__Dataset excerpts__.
========

Lemma opmul_monomial a b p q :
  opmul D (a%:P * 'X^p) (b%:P * 'X^q) =
  \sum_(l < p.+1) (a * 'C(p, l)%:R * iter l dt b)%:P * 'X^(p + q - l).
Proof.
rewrite (@opmul_uptoE p.+1 q.+1) ?size_monomial_leq // /opmul_upto big_ord_recr /=.
rewrite big1 ?add0r => [|i _]; last first.
  apply: big1 => j _; apply: big1 => l _.
  by rewrite coefCM coefXn (ltn_eqF (ltn_ord i)) !(mulr0, mul0r, polyC0).
rewrite big_ord_recr /= big1 ?add0r => [|j _]; last first.
  apply: big1 => l _.
  by rewrite !coefCM !coefXn (ltn_eqF (ltn_ord j)) mulr0 iter_dtot0 !(mulr0, polyC0, mul0r).
by apply: eq_bigr => l _; rewrite !coefCM !coefXn !eqxx !mulr1.
Qed.

Lemma coef_opmul_eq0 L M e : (size L + size M <= e.+1)%N -> (opmul D L M)`_e = 0.
Proof.
move=> LMe; rewrite /opmul !coef_sum; apply: big1 => i _.
rewrite coef_sum; apply: big1 => j _; rewrite coef_sum; apply: big1 => l _.
rewrite coefCM coefXn; case: eqP; rewrite ?mulr0 // => eij.
by have := ltn_ord i; have := ltn_ord j; lia.
Qed.

Lemma coef_opmul_top L M p q : (size L <= p.+1)%N -> (size M <= q.+1)%N ->
  (opmul D L M)`_(p + q) = L`_p * M`_q.
Proof.
move=> /poly_top_split[eL sL'] /poly_top_split[eM sM'].
move: (L`_p) (L - _) eL sL' => a L' -> sL'.
move: (M`_q) (M - _) eM sM' => b M' -> sM'.
rewrite opmulDl !opmulDr !coefD (@coef_opmul_eq0 L' M'); last exact/leqW/leq_add.
rewrite (@coef_opmul_eq0 L'); last by rewrite -addnS leq_add ?size_monomial_leq.
rewrite (@coef_opmul_eq0 _ M'); last by rewrite -addSn leq_add ?size_monomial_leq.
rewrite !addr0 opmul_monomial coef_sum big_ord_recl big1 => [|l _].
  by rewrite coefCM coefXn bin0 subn0 eqxx /= !mulr1 addr0.
by rewrite coefCM coefXn lift0 (_ : (p + q == _)%N = false) ?mulr0 //; have := ltn_ord l; lia.
Qed.

Lemma coef_opmul_monomial_subtop a b p q : (0 < p + q)%N ->
  (opmul D (a%:P * 'X^p) (b%:P * 'X^q))`_(p + q).-1 = a * p%:R * dt b.
Proof.
move=> pq; rewrite opmul_monomial coef_sum; case: p pq => [|p] pq.
  rewrite big_ord1 coefCM coefXn subn0 add0n (_ : (q.-1 == q) = false) //; last by lia.
  by rewrite !mulr0n !mulr0 mul0r.
rewrite big_ord_recl big_ord_recl big1 ?addr0 => [|l _]; last first.
  rewrite coefCM coefXn !lift0 (_ : (_ == _)%N = false) ?mulr0n ?mulr0 //.
  by have := ltn_ord l; lia.
rewrite !coefCM !coefXn !lift0 bin1 subn0 /= (_ : (_ == p.+1 + q)%N = false); last by lia.
by rewrite (_ : (_ == p.+1 + q - 1)%N = true) ?mulr0n ?mulr0 ?add0r ?mulr1 //; lia.
Qed.

Lemma coef_opmul_subtop L M p q :
  (size L <= p.+1)%N -> (size M <= q.+1)%N -> (0 < p + q)%N ->
  (opmul D L M)`_(p + q).-1 =
  L`_p * p%:R * dt M`_q + L`_p * M`_q.-1 *+ (0 < q)%N + L`_p.-1 * M`_q *+ (0 < p)%N.
Proof.
move=> /poly_top_split[eL sL'] /poly_top_split[eM sM'] pq.
move: (L`_p) (L - _) eL sL' => a L' -> sL'.
move: (M`_q) (M - _) eM sM' => b M' -> sM'.
have top_a_M' : (opmul D (a%:P * 'X^p) M')`_(p + q).-1 =
    a * (b%:P * 'X^q + M')`_q.-1 *+ (0 < q)%N.
  case: q pq sM' => [|q] pq sM'.
    by move/size_poly_leq0P: sM' ->; rewrite opmul0r coef0.
  rewrite addnS coef_opmul_top ?size_monomial_leq // coefD !coefCM !coefXn eqxx.
  by rewrite (_ : (q == q.+1) = false) ?mulr0 ?add0r ?mulr1 //; lia.
have top_L'_b : (opmul D L' (b%:P * 'X^q))`_(p + q).-1 =
    (a%:P * 'X^p + L')`_p.-1 * b *+ (0 < p)%N.
  case: p pq sL' top_a_M' => [|p] pq sL' _.
    by move/size_poly_leq0P: sL' ->; rewrite opmul0l coef0.
  rewrite addSn coef_opmul_top ?size_monomial_leq // coefD !coefCM !coefXn eqxx.
  by rewrite (_ : (p == p.+1) = false) ?mulr0 ?add0r ?mulr1 //; lia.
rewrite opmulDl !opmulDr !coefD (@coef_opmul_eq0 L' M'); last by rewrite prednK // leq_add.
by rewrite addr0 coef_opmul_monomial_subtop // top_a_M' top_L'_b !coefD.
Qed.

Lemma opmul_suml (I : Type) (r : seq I) (P : pred I) (F : I -> {poly V}) M :
  opmul D (\sum_(i <- r | P i) F i) M = \sum_(i <- r | P i) opmul D (F i) M.
Proof. exact: (big_morph _ (opmulDl M) (opmul0l M)). Qed.

Lemma opmul_sumr (I : Type) (r : seq I) (P : pred I) (F : I -> {poly V}) L :
  opmul D L (\sum_(i <- r | P i) F i) = \sum_(i <- r | P i) opmul D L (F i).
Proof. exact: (big_morph _ (opmulDr L) (opmul0r L)). Qed.

Lemma opmulBr L : {morph opmul D L : M1 M2 / M1 - M2}.
Proof. exact: addmorphB (opmulDr L). Qed.

Lemma opmulXnr L m : opmul D L 'X^m = L * 'X^m.
Proof.
rewrite (@opmul_uptoE (size L) m.+1) ?size_polyXn // /opmul_upto.
rewrite [in RHS](poly_monomial_sum L) mulr_suml; apply: eq_bigr => i _.
rewrite big_ord_recr /= big1 ?add0r => [|j _]; last first.
  apply: big1 => l _.
  by rewrite coefXn (ltn_eqF (ltn_ord j)) iter_dtot0 !(mulr0, polyC0, mul0r).
rewrite big_ord_recl big1 ?addr0 => [|l _]; last first.
  by rewrite coefXn eqxx iter_dtot1 // !(mulr0, polyC0, mul0r).
by rewrite coefXn eqxx bin0 subn0 /= !mulr1 -mulrA -exprD.
Qed.

Lemma opmul_monomial_mulXnl a b i j m :
  opmul D (a%:P * 'X^(i + m)) (b%:P * 'X^j) =
  opmul D (a%:P * 'X^i) (opmul D 'X^m (b%:P * 'X^j)).
Proof.
pose g s := (a * iter s dt b)%:P * 'X^(i + m + j - s).
rewrite opmul_monomial (_ : 'X^m = 1%:P * 'X^m); last by rewrite polyC1 mul1r.
rewrite opmul_monomial opmul_sumr.
transitivity (\sum_(s < (i + m).+1) g s *+ 'C(i + m, s)).
  by apply: eq_bigr => s _; rewrite /g -mulrnAl -polyCMn mulrAC mulr_natr.
rewrite -sumr_bin_convolution; apply: eq_bigr => l _.
rewrite opmul_monomial -sumrMnl; apply: eq_bigr => r _.
rewrite /g -!mulrnAl -!polyCMn mul1r mulr_natl (addmorphMn (iter_addmorphD _ dtotD)) -iterD.
have lm := ltn_ord l; rewrite (_ : (i + (m + j - l) - r = i + m + j - (l + r))%N); last by lia.
by rewrite (addnC r l) mulr_natr mulrnAr mulrnAl.
Qed.

Lemma opmul_mulXnl L M m : opmul D (L * 'X^m) M = opmul D L (opmul D 'X^m M).
Proof.
have LXm : L * 'X^m = \sum_(i < size L) (L`_i)%:P * 'X^(i + m).
  rewrite [in LHS](poly_monomial_sum L) mulr_suml.
  by apply: eq_bigr => i _; rewrite -mulrA -exprD.
rewrite LXm opmul_suml [in RHS](poly_monomial_sum L) opmul_suml; apply: eq_bigr => i _.
(* Naming 'X^m stops [opmul_sumr] from unfolding the inner [opmul] into its sum. *)
rewrite (poly_monomial_sum M) (opmul_sumr _ _ _ 'X^m) !opmul_sumr; apply: eq_bigr => j _.
exact: opmul_monomial_mulXnl.
Qed.

Lemma coef_frechet f j : (frechet D f)`_j = pd j f.
Proof. by rewrite coef_poly; case: ltnP => // /pder_pbound ->. Qed.

Lemma frechet_uvar m : frechet D (u m) = 'X^m.
Proof. by apply/polyP => j; rewrite coef_frechet pder_uvar coefXn. Qed.

Lemma opapply_uvar L m : opapply D L (u m) = \sum_(k < size L) L`_k * u (k + m).
Proof. by apply: eq_bigr => k _; rewrite iter_dtot_uvar. Qed.

Lemma frechet_opapply_uvar L n m : (n < m)%N -> (forall k, order_lt L`_k n.+1) ->
  frechet D (opapply D L (u m)) =
  \poly_(j < n.+1) (\sum_(k < size L) pd j L`_k * u (k + m)) + L * 'X^m.
Proof.
move=> nm Ln; apply/polyP => j.
rewrite coef_frechet coefD coef_poly coefMXn opapply_uvar.
rewrite (derivation_sum (pder_derivation j)).
under eq_bigr => k _ do rewrite (derivationM (pder_derivation j)) pder_uvar.
rewrite big_split /=; congr (_ + _).
  by case: ltnP => // nj; apply: big1 => k _; rewrite Ln // mul0r.
case: ltnP => jm.
  by apply: big1 => k _; rewrite (_ : (j == k + m)%N = false) ?mulr0 //; lia.
have jk k : (j == k + m)%N = (k == j - m)%N by apply/eqP/eqP; lia.
under eq_bigr => k _ do rewrite jk.
by rewrite (sumr_ord_delta (fun k => L`_k)); case: ltnP => // /(nth_default 0) ->.
Qed.

Lemma pder_sum_mul_uvar (c : nat -> V) K m j :
  (forall k, order_lt (c k) m) -> (forall k, (K <= k)%N -> c k = 0) ->
  pd (j + m) (\sum_(k < K) c k * u (k + m)) = c j.
Proof.
move=> cm cK; rewrite (derivation_sum (pder_derivation _)).
under eq_bigr => k _ do rewrite (derivationM (pder_derivation _)) cm ?leq_addl //
  mul0r add0r pder_uvar eqn_add2r eq_sym.
by rewrite (sumr_ord_delta c); case: ltnP => // /cK.
Qed.

Lemma hereditary_coef_commute A m K e : hereditary D A ->
  frechet D (opapply D A (u m)) = K + A * 'X^m -> (size A + size A <= e.+1)%N ->
  (opmul D K A)`_e = (opmul D A K)`_e.
Proof.
move=> herA DF Ae.
have evX0 f : (evXop D f A)`_e = 0.
  by rewrite nth_default // (leq_trans (size_poly _ _)) //; lia.
have := herA (u m).
rewrite /lieder DF frechet_uvar !opmulBr opmulDl opmulDr opmulXnr opmul_mulXnl.
move/(congr1 (fun P : {poly V} => P`_e)); rewrite !coefB !coefD evX0.
rewrite (@coef_opmul_eq0 A (evXop D (u m) A)); last first.
  exact: leq_trans (leq_add (leqnn _) (size_poly _ _)) Ae.
set k := (opmul D K A)`_e; set c := (opmul D A K)`_e.
set x := (opmul D A (opmul D 'X^m A))`_e; set y := (opmul D A (A * 'X^m))`_e.
move=> E; apply/esym; transitivity (k + ((0 - (k + x - (c + y))) - (0 - (x - y)))).
  by ring.
by rewrite E subrr addr0.
Qed.

Lemma hereditary_dtot_identity A N n : hereditary D A -> size A = N.+1 ->
  (N.+2 <= n)%N -> (forall k, order_lt A`_k n.+1) ->
  A`_N * N%:R * dt (\sum_(k < N.+1) pd n A`_k * u (k + n.+2)) =
  (\sum_(k < N.+1) pd n A`_k * u (k + n.+2)) * n%:R * dt A`_N.
Proof.
move=> herA sizeA Nn An; set d := \sum_(k < N.+1) _.
pose K := \poly_(j < n.+1) \sum_(k < size A) pd j A`_k * u (k + n.+2).
have sizeK : (size K <= n.+1)%N by apply: size_poly.
have Kn : K`_n = d by rewrite coef_poly ltnSn sizeA.
have Ae : (size A + size A <= (N + n).-1.+1)%N by rewrite sizeA; lia.
have := hereditary_coef_commute herA (frechet_opapply_uvar (leqW (ltnSn n)) An) Ae.
rewrite -/K -[in X in X = _](addnC n N) !coef_opmul_subtop ?sizeA //; try lia.
rewrite Kn (_ : (0 < n)%N = true) ?mulr1n; last by lia.
rewrite (mulrC d A`_N.-1) (mulrC K`_n.-1 A`_N) => E.
apply: (addIr (A`_N * K`_n.-1 + A`_N.-1 * d *+ (0 < N)%N)).
by rewrite !addrA -E addrAC.
Qed.

Lemma hereditary_pder_recursion A N n j : hereditary D A -> size A = N.+1 ->
  (N.+2 <= n)%N -> (forall k, order_lt A`_k n.+1) ->
  A`_N * N%:R * (pd n A`_j + dt (pd n A`_j.+1)) = pd n A`_j.+1 * n%:R * dt A`_N.
Proof.
move=> herA sizeA Nn An.
have c_ord k : order_lt (pd n A`_k) n.+2 := order_lt_leq (leqnSn _) (order_lt_pder n (An k)).
have cN k : (N.+1 <= k)%N -> pd n A`_k = 0.
  by move=> Nk; rewrite nth_default ?sizeA ?pder0.
have pd_d k := pder_sum_mul_uvar k c_ord cN.
have AN_ord : order_lt (A`_N * N%:R) n.+2 :=
  order_lt_leq (leqnSn _) (order_ltM (An N) (@order_lt_natr N n.+1)).
have := congr1 (pd (j.+1 + n.+2)) (hereditary_dtot_identity herA sizeA Nn An).
rewrite (pder_mull (f := A`_N * N%:R)) ?AN_ord ?leq_addl // addSn pder_dtot -addSn !pd_d.
rewrite pder_mulr ?(order_lt_dtot (An N)) ?leq_addl //.
by rewrite pder_mulr ?pd_d // (derivation_natr (pder_derivation _)).
Qed.

Hypothesis natr_neq0 : forall j, (0 < j)%N -> j%:R != 0 :> V.

Lemma hereditary_top_pder_eq0 A N n : hereditary D A -> size A = N.+1 ->
  (N.+2 <= n)%N -> (forall k, order_lt A`_k n.+1) -> forall k, pd n A`_k = 0.
Proof.
move=> herA sizeA Nn An.
have cN k : (N.+1 <= k)%N -> pd n A`_k = 0.
  by move=> Nk; rewrite nth_default ?sizeA ?pder0.
have n_neq0 : n%:R != 0 :> V by apply: natr_neq0; lia.
have [N0 | N_gt0] := posnP N.
  suff c0 : pd n A`_0 = 0 by case=> [|k] //; apply: cN; rewrite N0.
  have := hereditary_dtot_identity herA sizeA Nn An.
  rewrite N0 mulr0 mul0r big_ord1 add0n => /esym/eqP.
  rewrite !mulf_eq0 (negbTE n_neq0) (negbTE (uvar_neq0 _)) !orbF.
  case/orP => [/eqP // | /eqP dA0].
  have := pder_dtot n.+1 A`_0.
  by rewrite dA0 pder0 (An 0%N n.+1) // dtot0 addr0.
have AN_neq0 : A`_N != 0.
  by rewrite -[N]/(N.+1.-1) -sizeA -lead_coefE lead_coef_eq0 -size_poly_eq0 sizeA.
have c_eq0 i k : (N.+1 <= i + k)%N -> pd n A`_k = 0.
  elim: i k => [|i IH] k; first exact: cN.
  rewrite addSnnS => /IH ck1.
  have := hereditary_pder_recursion k herA sizeA Nn An.
  rewrite ck1 dtot0 addr0 !mul0r => /eqP.
  by rewrite !mulf_eq0 (negbTE AN_neq0) (negbTE (natr_neq0 N_gt0)) => /eqP.
by move=> k; apply: (c_eq0 N.+1); rewrite leq_addr.
Qed.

========

__ABOUT THIS TASK__.
Where does "leqnSn" appear in the records above? Copy each line that holds it.

__ANSWER SPACE__.
have c_ord k : order_lt (pd n A`_k) n.+2 := order_lt_leq (leqnSn _) (order_lt_pder n (An k)).
  order_lt_leq (leqnSn _) (order_ltM (An N) (@order_lt_natr N n.+1)).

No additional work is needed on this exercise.